People who engage in heavy alcohol drinking may have a harder time interpreting emotions and recognizing faces, according to a new study. Researchers from the University of California San Diego School of Medicine report that people with alcohol problems show changes in brain connectivity in areas such as the amygdala, an area involved in regulating emotions and rewards, and the frontal lobes.
Observing changes in neural connectivity could help in predicting the risk of alcoholism or alcohol abuse and could provide a target area for future treatments for alcohol use disorder.
People who experience little of alcohol’s negative effects are more likely to drink more and develop alcohol problems in the future. Previous research looking into the effects of low response to alcohol found decreased brain activity in the amygdala. However, until now, how the impaired connectivity affected communication with other brain regions remained unknown.
The researchers studied 108 young adults with no history of alcohol problems characterized as having a low or high response to alcohol.
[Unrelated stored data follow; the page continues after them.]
(* Let $n>5$ be prime, $d\ge1$, and let $\gamma$ be a probability distribution on $\mathbb{Z}_n^d$ with $\gamma(k)\in\mathbb{Q}$ for all $k$. If the random walk on $\mathbb{Z}_n^d$ with step distribution $\gamma$ is reconstructive, then the Fourier coefficients $\{\hat{\gamma}(x)\}_{x\in\mathbb{Z}_n^d}$ are pairwise distinct.
   Context: The Fourier transform is $\hat{\gamma}(x)=\sum_{k\in\mathbb{Z}_n^d}\omega_n^{k\cdot x}\gamma(k)$, where $k\cdot x=\sum_{i=1}^d k_ix_i$ in $\mathbb{Z}_n$ and $\omega_n=e^{-2\pi i/n}$. The random walk has $v(1)$ uniform on $\mathbb{Z}_n^d$ and independent steps with $\mathbb{P}(v(t+1)-v(t)=k)=\gamma(k)$. It is reconstructive if, for any two labelings $f_1,f_2:\mathbb{Z}_n^d\to\{0,1\}$, the distributions of $\{f_1(v(t))\}_{t\ge1}$ and $\{f_2(v(t))\}_{t\ge1}$ coincide only if there is $\ell$ with $f_1(k)=f_2(k+\ell)$ for all $k$. *)

From mathcomp Require Import all_boot all_order all_algebra.
From mathcomp Require Import reals trigo.
From mathcomp Require Import complex.
Import GRing.Theory Num.Theory.

Set Implicit Arguments.
Unset Strict Implicit.
Unset Printing Implicit Defensive.

Local Open Scope ring_scope.

(* The group Z_n^d is represented by row vectors 'rV['Z_n]_d
   (additive group structure = componentwise addition mod n; valid for n >= 2). *)
Notation Znd n d := 'rV['Z_n]_d.

Definition is_distribution (n d : nat) (gamma : Znd n d -> rat) : Prop :=
  (forall k, 0 <= gamma k) /\ \sum_(k : Znd n d) gamma k = 1.

(* Probability that the walk v(1), ..., v(T+1) follows the vertex sequence v :
   v(1) uniform on Z_n^d, independent steps v(t+1) - v(t) with law gamma. *)
Definition path_prob (n d : nat) (gamma : Znd n d -> rat) (T : nat)
  (v : {ffun 'I_T.+1 -> Znd n d}) : rat :=
  (#|{: Znd n d}|%:R)^-1 *
  \prod_(t < T) gamma (v (inord t.+1) - v (inord t)).

(* P( f(v(1)) = w 1, ..., f(v(T+1)) = w (T+1) ) : finite-dimensional
   (cylinder) probabilities of the observed label process {f(v(t))}_{t>=1}. *)
Definition cyl_prob (n d : nat) (gamma : Znd n d -> rat) (f : Znd n d -> bool)
  (T : nat) (w : {ffun 'I_T.+1 -> bool}) : rat :=
  \sum_(v : {ffun 'I_T.+1 -> Znd n d} | [forall t, f (v t) == w t])
     path_prob gamma v.

(* Two labelings induce the same law of the observed sequence
   (laws on {0,1}^N agree iff all cylinder probabilities agree). *)
Definition same_law (n d : nat) (gamma : Znd n d -> rat)
  (f1 f2 : Znd n d -> bool) : Prop :=
  forall (T : nat) (w : {ffun 'I_T.+1 -> bool}),
    cyl_prob gamma f1 w = cyl_prob gamma f2 w.

Definition reconstructive (n d : nat) (gamma : Znd n d -> rat) : Prop :=
  forall f1 f2 : Znd n d -> bool,
    same_law gamma f1 f2 -> exists l : Znd n d, forall k, f1 k = f2 (k + l).

Definition dotZ (n d : nat) (k x : Znd n d) : 'Z_n :=
  \sum_(i < d) k ord0 i * x ord0 i.

Definition omega (R : realType) (n : nat) : R[i] :=
  ((cos (2 * pi / n%:R)) -i* (sin (2 * pi / n%:R)))%C.

Definition fourier (R : realType) (n d : nat) (gamma : Znd n d -> rat)
  (x : Znd n d) : R[i] :=
  \sum_(k : Znd n d) omega R n ^+ (nat_of_ord (dotZ k x)) * ratr (gamma k).

(* Write the Fourier coefficient at x as sum_s omega^s gamma_x(s), where gamma_x
   is the law of k.x for k distributed by gamma. Over Q the only relation among
   1, omega, ..., omega^(n-1) is 1 + omega + ... + omega^(n-1) = 0, because this
   polynomial is irreducible for n prime; as both laws have the same total mass,
   equal Fourier coefficients at x and y force gamma_x = gamma_y.
   The image k |-> k.x of the walk is a uniform-start random walk on Z_n with step
   law gamma_x, and every fibre of k |-> k.x has n^(d-1) points, so for any
   g : Z_n -> {0,1} the labelings g(k.x) and g(k.y) have the same law and, by
   reconstructivity, differ by a shift. With g the indicator of {0} this makes
   x and y collinear, y = a x, and with g the indicator of {0,1} (of {0,1,3} when
   a = -1) it forces a = 1. Finally gamma_0 = gamma_x would imply
   gamma_(2x) = gamma_x, so x = 0 is not an exception. *)

From mathcomp Require Import all_boot all_order all_algebra all_field.
From mathcomp Require Import reals trigo.
From mathcomp Require Import complex.
From mathcomp Require Import ring zify.
Import Order.TTheory GRing.Theory Num.Theory.

Set Implicit Arguments.
Unset Strict Implicit.
Unset Printing Implicit Defensive.

Local Open Scope ring_scope.

Definition geometric_poly n : {poly rat} := \poly_(i < n) 1.

Lemma size_geometric_poly n : size (geometric_poly n) = n.
Proof. by case: n => [|n]; rewrite /geometric_poly ?size_poly0 // size_poly_eq ?oner_eq0. Qed.

Lemma sum_expr_root_of_unity (R : idomainType) n (w : R) :
  w ^+ n = 1 -> w != 1 -> \sum_(i < n) w ^+ i = 0.
Proof.
move=> wn w_neq1; have : (w - 1) * \sum_(i < n) w ^+ i = 0 by rewrite -subrX1 wn subrr.
by move/eqP; rewrite mulf_eq0 subr_eq0 (negbTE w_neq1) => /eqP.
Qed.

Lemma map_poly_poly (F : fieldType) (f : {rmorphism rat -> F}) n (E : nat -> rat) :
  map_poly f (\poly_(i < n) E i) = \poly_(i < n) f (E i).
Proof. by apply/polyP => i; rewrite coef_map !coef_poly; case: ifP => _; rewrite ?raddf0. Qed.

Lemma root_geometric_poly (F : fieldType) (f : {rmorphism rat -> F}) n (w : F) :
  w ^+ n = 1 -> w != 1 -> root (map_poly f (geometric_poly n)) w.
Proof.
move=> wn w_neq1; rewrite /root map_poly_poly horner_poly.
under eq_bigr do rewrite rmorph1 mul1r.
by rewrite sum_expr_root_of_unity.
Qed.

Lemma geometric_poly_irreducible p : prime p -> irreducible_poly (geometric_poly p).
Proof.
move=> p_pr; have [z z_prim] := C_prim_root_exists (prime_gt0 p_pr).
have [m [Dm _] min_m] := minCpolyP z.
have root_z : root (map_poly ratr (geometric_poly p)) z.
  apply: root_geometric_poly; first exact: prim_expr_order.
  by rewrite -[z]expr1 -(prim_order_dvd z_prim) dvdn1 gtn_eqF ?prime_gt1.
have size_m : size m = p.
  rewrite -(size_map_poly (ratr : rat -> algC)) -Dm (minCpoly_cyclotomic z_prim).
  rewrite size_cyclotomic.
  by rewrite totient_prime // prednK ?prime_gt0.
apply/(subfx_irreducibleP root_z).
  by rewrite -size_poly_eq0 size_geometric_poly -lt0n prime_gt0.
move=> q root_q q_neq0; rewrite size_geometric_poly -size_m dvdp_leq //.
by rewrite -min_m.
Qed.

Lemma coef_const_of_root_of_unity (F : fieldType) (f : {rmorphism rat -> F}) p (w : F)
    (c : 'I_p.+1 -> rat) :
  prime p.+1 -> w ^+ p.+1 = 1 -> w != 1 ->
  \sum_(i < p.+1) f (c i) * w ^+ i = 0 -> forall i, c i = c ord_max.
Proof.
move=> p_pr wp w_neq1 sum0.
pose q := \poly_(j < p) (c (inord j) - c ord_max).
have root_q : root (map_poly f q) w.
  rewrite /root map_poly_poly horner_poly.
  have : \sum_(j < p.+1) (f (c j) - f (c ord_max)) * w ^+ j = 0.
    under eq_bigr do rewrite mulrBl.
    by rewrite sumrB sum0 -mulr_sumr sum_expr_root_of_unity // mulr0 subr0.
  rewrite big_ord_recr /= subrr mul0r addr0 => sum_eq0; apply/eqP; rewrite -[RHS]sum_eq0.
  by apply: eq_bigr => j _; rewrite raddfB (inord_val (widen_ord (leqnSn p) j)).
have q0 : q = 0.
  apply: contraTeq (size_poly p (fun j => c (inord j) - c ord_max)) => q_neq0.
  have root_geo := root_geometric_poly f wp w_neq1.
  have geo_neq0 : geometric_poly p.+1 != 0 by rewrite -size_poly_eq0 size_geometric_poly.
  have := iffRL (subfx_irreducibleP root_geo geo_neq0) (geometric_poly_irreducible p_pr).
  by move/(_ q root_q q_neq0); rewrite size_geometric_poly -ltnNge.
move=> i; apply/eqP; rewrite -subr_eq0.
have [i_lt|i_ge] := ltnP i p.
  have := congr1 (fun r : {poly rat} => r`_i) q0.
  by rewrite coef_poly i_lt coef0 inord_val => ->.
by rewrite (_ : i = ord_max) ?subrr //; apply/val_inj/eqP; rewrite eqn_leq -ltnS ltn_ord.
Qed.

Lemma omega_expr (R : realType) n k :
  omega R n ^+ k = (cos (k%:R * (2 * pi / n%:R)) -i* sin (k%:R * (2 * pi / n%:R)))%C.
Proof.
elim: k => [|k IHk]; first by rewrite expr0 !mul0r cos0 sin0 oppr0.
rewrite exprSr IHk /omega; set t := 2 * pi / n%:R.
rewrite -natr1 mulrDl mul1r cosD sinD.
by congr Complex; rewrite /= ?mulrNN; ring.
Qed.

Lemma omega_expr_n (R : realType) n : (0 < n)%N -> omega R n ^+ n = 1.
Proof.
move=> n_gt0; rewrite omega_expr mulrCA mulfV ?pnatr_eq0 -?lt0n // mulr1.
by rewrite mulr_natl cos2pi sin2pi oppr0.
Qed.

Lemma omega_neq1 (R : realType) n : (2 < n)%N -> omega R n != 1.
Proof.
move=> n_gt2; apply/negP => /eqP/(congr1 (@complex.Im R)) /= /eqP.
rewrite oppr_eq0 gt_eqF //; apply: sin_gt0_pi; apply/andP; split.
  by rewrite divr_gt0 ?mulr_gt0 ?pi_gt0 ?ltr0n // (ltn_trans _ n_gt2).
by rewrite ltr_pdivrMr ?ltr0n ?(ltn_trans _ n_gt2) // [pi * _]mulrC ltr_pM2r ?pi_gt0 ?ltr_nat.
Qed.

Lemma Zp_unit n (z : 'Z_n) : prime n -> z != 0 -> z \is a GRing.unit.
Proof.
move=> n_pr z_neq0; have n_gt1 := prime_gt1 n_pr.
rewrite -(natr_Zp z) unitZpE // prime_coprime // gtnNdvd //.
  by rewrite lt0n; apply: contra z_neq0 => /eqP z0; apply/eqP/val_inj.
by rewrite -[X in (_ < X)%N](Zp_cast n_gt1) ltn_ord.
Qed.

Section DotProduct.
Variables (n d : nat).
Implicit Types (k l x y : 'rV['Z_n]_d) (c s : 'Z_n).

Lemma dotZDl k l x : dotZ (k + l) x = dotZ k x + dotZ l x.
Proof. by rewrite /dotZ -big_split; apply: eq_bigr => i _; rewrite mxE mulrDl. Qed.

Lemma dotZBl k l x : dotZ (k - l) x = dotZ k x - dotZ l x.
Proof. by rewrite /dotZ -sumrB; apply: eq_bigr => i _; rewrite !mxE mulrBl. Qed.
The participants drank a small volume of alcohol or a non-alcoholic beverage (serving as a placebo) before completing an emotional face processing task. The task involved identifying happy, angry, and fearful faces while brain activity was monitored with functional magnetic resonance imaging (fMRI).
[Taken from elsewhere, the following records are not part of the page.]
(** [pconv z z']: z' is obtained from z (a tree over O whose other leaves are
    p'(q''(x_i))) by replacing each p'(q''(x_i)) by (q'',p')(x_i). *)
Inductive pconv (O Q Q' D : Type) :
  tree (O + Q' * tree (D + Q * nat))%type -> tree (O + (Q * Q') * nat)%type -> Prop :=
| pc_node o cs cs' :
    List.Forall2 (@pconv O Q Q' D) cs cs' -> pconv (Node (inl o) cs) (Node (inl o) cs')
| pc_leaf p q i :
    pconv (Node (inr (p, Node (inr (q, i)) [::])) [::]) (Node (inr ((q, p), i)) [::]).

Definition prod_rule (S D O : ralph) (T : tdtt S D) (T' : tdtt D O)
  (qp : (state T * state T')%type) (a : S) (z' : rhs O (state T * state T')%type) : Prop :=
  exists xi, @rule S D T qp.1 a xi /\
  exists z, derives (@rhs_head D (state T)) (@rule D O T')
              (Node (inr (qp.2, xi)) [::]) z /\
            pconv z z'.

Definition prod_tdtt (S D O : ralph) (T : tdtt S D) (T' : tdtt D O) : tdtt S O :=
  @TDTT S O (state T * state T')%type (@prod_rule S D O T T') (init T, init T').

From HB Require Import structures.
From mathcomp Require Import all_boot boolp.
From Stdlib Require Import Relations.Relation_Operators Relations.Operators_Properties.
From Stdlib Require List.

Set Implicit Arguments.
Unset Strict Implicit.
Unset Printing Implicit Defensive.

(* The domain automaton A of T2 is a top-down automaton: each of its rules
   copies the input symbol and only assigns states to the children.  Hence a
   rule of the product T1 x A erases, by forgetting the A-states, to a rule of
   T1, so R(T1 x A) is contained in R(T1).  Conversely, if t is in the domain of
   T2, then A has an accepting run on t: a node carries a set P of states that
   all have an output there, Gamma_q consists of the rules of T2 that still
   lead to an output, and a child receives the states called by these rules.
   Threading this run through a derivation of t from s by T1 gives a derivation
   of T1 x A. *)

Lemma tree_ind_in (L : Type) (P : tree L -> Prop) :
  (forall l cs, (forall c, List.In c cs -> P c) -> P (Node l cs)) -> forall t, P t.
Proof.
move=> H; refine (fix F t := match t with Node l cs => H l cs _ end).
refine ((fix G cs := match cs return forall c, List.In c cs -> P c with
 | [::] => fun c hin => False_ind _ hin
 | c0 :: cs0 => fun c hin => match hin with
     | or_introl e => eq_ind c0 P (F c0) c e
     | or_intror h => G cs0 c h end end) cs).
Qed.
Participants identified low-responders to alcohol who did not drink any alcohol showed less functional connectivity between the amygdala and the frontal lobes, as well as, the insula and parietal regions when processing emotional faces. Low-response participants who did drink alcohol showed a further reduction in brain connectivity. In contrast, high neural connectivity was observed in participants who had a high response to alcohol.
“We were surprised to find that the brain areas are communicating differently in these people even without any alcohol consumed, and before they have developed any significant alcohol problems,” said Ben McKenna, PhD, assistant clinical professor of psychiatry at UC San Diego School of Medicine and lead author of the study in a press release. Dr. McKenna suggests the decreased communication between brain regions in people with a low response to alcohol may make it harder to interpret social cues.
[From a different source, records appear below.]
(* Let S(y) be y times the mass of the atoms p_k < 1/y.  The atoms counted by
   rho(lam y) - rho(y) are those with 1/(lam y) <= p_k < 1/y, whence
     S(y) - S(lam y) / lam  <=  rho(lam y) - rho(y)  <=  lam S(y) - S(lam y).
   Comparing the masses of {p_k <= t} and {p_k < t} shows that (a) means S(y) ~ g(y).
   If so, cutting [y, lam y] into n steps of ratio lam^(1/n) gives (b), since
   n (lam^(1/n) - 1) and n (1 - lam^(-1/n)) both tend to ln lam.  Conversely,
   iterating the inequalities along y, mu y, mu^2 y, ... expands S(y) as a geometric
   series of increments of rho: finitely many terms give the lower bound, and (b)
   yields a Potter-type bound on the increments that sums the series from above. *)

From HB Require Import structures.
From mathcomp Require Import all_boot all_order all_algebra.
From mathcomp Require Import all_classical all_reals all_analysis.
From mathcomp Require Import ring lra.
Set Implicit Arguments. Unset Strict Implicit. Unset Printing Implicit Defensive.
Import Order.TTheory GRing.Theory Num.Theory.
Import numFieldNormedType.Exports.
Local Open Scope classical_set_scope.
Local Open Scope ring_scope.

Section real_limits.
Variable R : realType.

Lemma squeeze_cvgr_approx {T : Type} (F : set_system T) {FF : Filter F}
    (f : T -> R) (l : R) :
  (forall e, 0 < e -> exists (lo hi : T -> R) (l1 l2 : R),
     [/\ lo @ F --> l1, hi @ F --> l2, l - e <= l1, l2 <= l + e &
         \forall x \near F, lo x <= f x <= hi x]) ->
  f @ F --> l.
Proof.
move=> sq; apply/cvgrPdist_le => e e0.
have e20 : 0 < e / 2 by rewrite divr_gt0.
have [lo [hi [l1 [l2 [lo_l1 hi_l2 le_l1 le_l2 lo_f_hi]]]]] := sq _ e20.
near=> x.
have /andP[lof fhi] : lo x <= f x <= hi x by near: x.
have : l1 - e / 2 < lo x by near: x; apply: (cvgr_gt _ lo_l1); lra.
have : hi x < l2 + e / 2 by near: x; apply: (cvgr_lt _ hi_l2); lra.
rewrite ler_distlC; lra.
Unshelve. all: by end_near. Qed.

Lemma cvg_near_le_mul {T : Type} (F : set_system T) {FF : Filter F}
    (f h : T -> R) (x th : R) :
  f @ F --> x -> h @ F --> x -> 0 < x -> 1 < th ->
  \forall t \near F, f t <= th * h t.
Proof.
move=> fx hx x0 th1; have th0 : 0 < th by lra.
have mid : x < x * (1 + th) / 2 by rewrite ltr_pdivlMr //; nra.
have mid' : x * (1 + th) / 2 / th < x.
  by rewrite ltr_pdivrMr // ltr_pdivrMr //; nra.
near=> t.
have : f t < x * (1 + th) / 2 by near: t; exact: (cvgr_lt _ fx).
have : x * (1 + th) / 2 / th < h t by near: t; exact: (cvgr_gt _ hx).
rewrite ltr_pdivrMr // => ht ft; rewrite mulrC; exact/ltW/(lt_trans ft ht).
Unshelve. all: by end_near. Qed.

Lemma cvg_pinfty_scale (f : R -> R) (l c : R) : 0 < c ->
  f x @[x --> +oo] --> l -> f (c * x) @[x --> +oo] --> l.
Proof.
move=> c0 fl; apply: cvg_comp fl; apply/cvgryPge => A.
near=> x; rewrite -ler_pdivrMl //; near: x; exact: nbhs_pinfty_ge.
Unshelve. all: by end_near. Qed.

Lemma near_at_right0_inv (P : R -> Prop) :
  (\forall x \near 0^'+, P x) <-> \forall y \near +oo, P y^-1.
Proof.
split.
- move=> /nbhs_ballP [d /= d0 Pd]; exists d^-1; split; first exact: num_real.
  move=> y dy; have y0 : 0 < y by apply: lt_trans dy; rewrite invr_gt0.
  apply: Pd; last by rewrite invr_gt0.
  rewrite /ball /= sub0r normrN gtr0_norm ?invr_gt0 //.
  by rewrite -(invrK d) ltf_pV2 ?posrE ?invr_gt0.
- move=> [M [_ PM]]; have M1 : 0 < Num.max M 1 by rewrite lt_max ltr01 orbT.
  apply/nbhs_ballP; exists (Num.max M 1)^-1 => /=; first by rewrite invr_gt0.
  move=> x; rewrite /ball /= sub0r normrN => xM x0; rewrite gtr0_norm // in xM.
  rewrite -[x]invrK; apply: PM.
  have : Num.max M 1 < x^-1 by rewrite -(invrK (Num.max M 1)) ltf_pV2 ?posrE ?invr_gt0.
  by rewrite gt_max => /andP[].
Qed.

Lemma cvg_at_right0_inv (h : R -> R) (l : R) :
  h x @[x --> 0^'+] --> l <-> h x^-1 @[x --> +oo] --> l.
Proof.
by rewrite !cvgrPdist_le; split=> hl e /hl; rewrite near_at_right0_inv.
Qed.

Lemma cvg_sumr {T : Type} (F : set_system T) {FF : Filter F} n
    (f : 'I_n -> T -> R) (l : 'I_n -> R) :
  (forall j, f j @ F --> l j) -> (fun x => \sum_(j < n) f j x) @ F --> \sum_(j < n) l j.
Proof. by move=> fl; apply: cvg_big => //; exact: add_continuous. Qed.

Lemma near_pinfty_iter_le (f : R -> R) (mu th : R) : 1 <= mu -> 0 <= th ->
  (\forall z \near +oo, f (mu * z) <= th * f z) ->
  \forall y \near +oo, forall j, f (mu ^+ j * y) <= th ^+ j * f y.
Proof.
move=> mu1 th0 [M [_ fM]]; exists (Num.max M 0); split; first exact: num_real.
move=> y; rewrite gt_max => /andP[My y0].
elim=> [|j IH]; first by rewrite !expr0 !mul1r.
have Mj : M < mu ^+ j * y.
  by apply: lt_le_trans My _; rewrite ler_peMl ?(ltW y0) // exprn_ege1.
rewrite exprS -mulrA; apply: le_trans (fM _ Mj) _.
by rewrite exprS -mulrA ler_wpM2l.
Qed.

Lemma exists_expr_lt (q eps : R) : 0 <= q < 1 -> 0 < eps -> exists J, q ^+ J < eps.
Proof.
move=> /andP[q0 q1] eps0; have q_lt1 : `|q| < 1 by rewrite ger0_norm.
have [J _ qJ] := cvgr0_norm_lt _ (cvg_expr q_lt1) _ eps0.
by exists J; have := qJ J (leqnn J); rewrite ger0_norm ?exprn_ge0.
Qed.

End real_limits.

Lemma geometric_sum_mul1B (R : comRingType) (r : R) J :
  (1 - r) * \sum_(j < J) r ^+ j = 1 - r ^+ J.
Proof. by rewrite -[1 - r]opprB mulNr -subrX1 opprB. Qed.

Section exponential_bounds.
Variable R : realType.

Lemma expR_inv_ge1B (x : R) : 1 - x <= (expR x)^-1.
Proof. by rewrite -expRN; have := expR_ge1Dx (- x); lra. Qed.

Lemma expR_inv_mul1D_le1 (x : R) : (expR x)^-1 * (1 + x) <= 1.
Proof. by rewrite -ler_pdivlMl ?invr_gt0 ?expR_gt0 // invrK mulr1 expR_ge1Dx. Qed.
For instance, seeing a happy face should send brain signals involved in reward, but if this is not being sensed properly, people with low-responses may drink more alcohol to receive those rewarding feelings.
A five-year follow-up of the participants found they could use the functional connectivity patterns from earlier scans to predict future alcohol use disorder.
“If these genetically-influenced neurobiological differences are predictive of future behavior, maybe we can identify them early on and try to educate people before they ever develop problematic drinking,” said Dr. McKenna.
The study was recently published in the journal Alcoholism: Clinical & Experimental Research.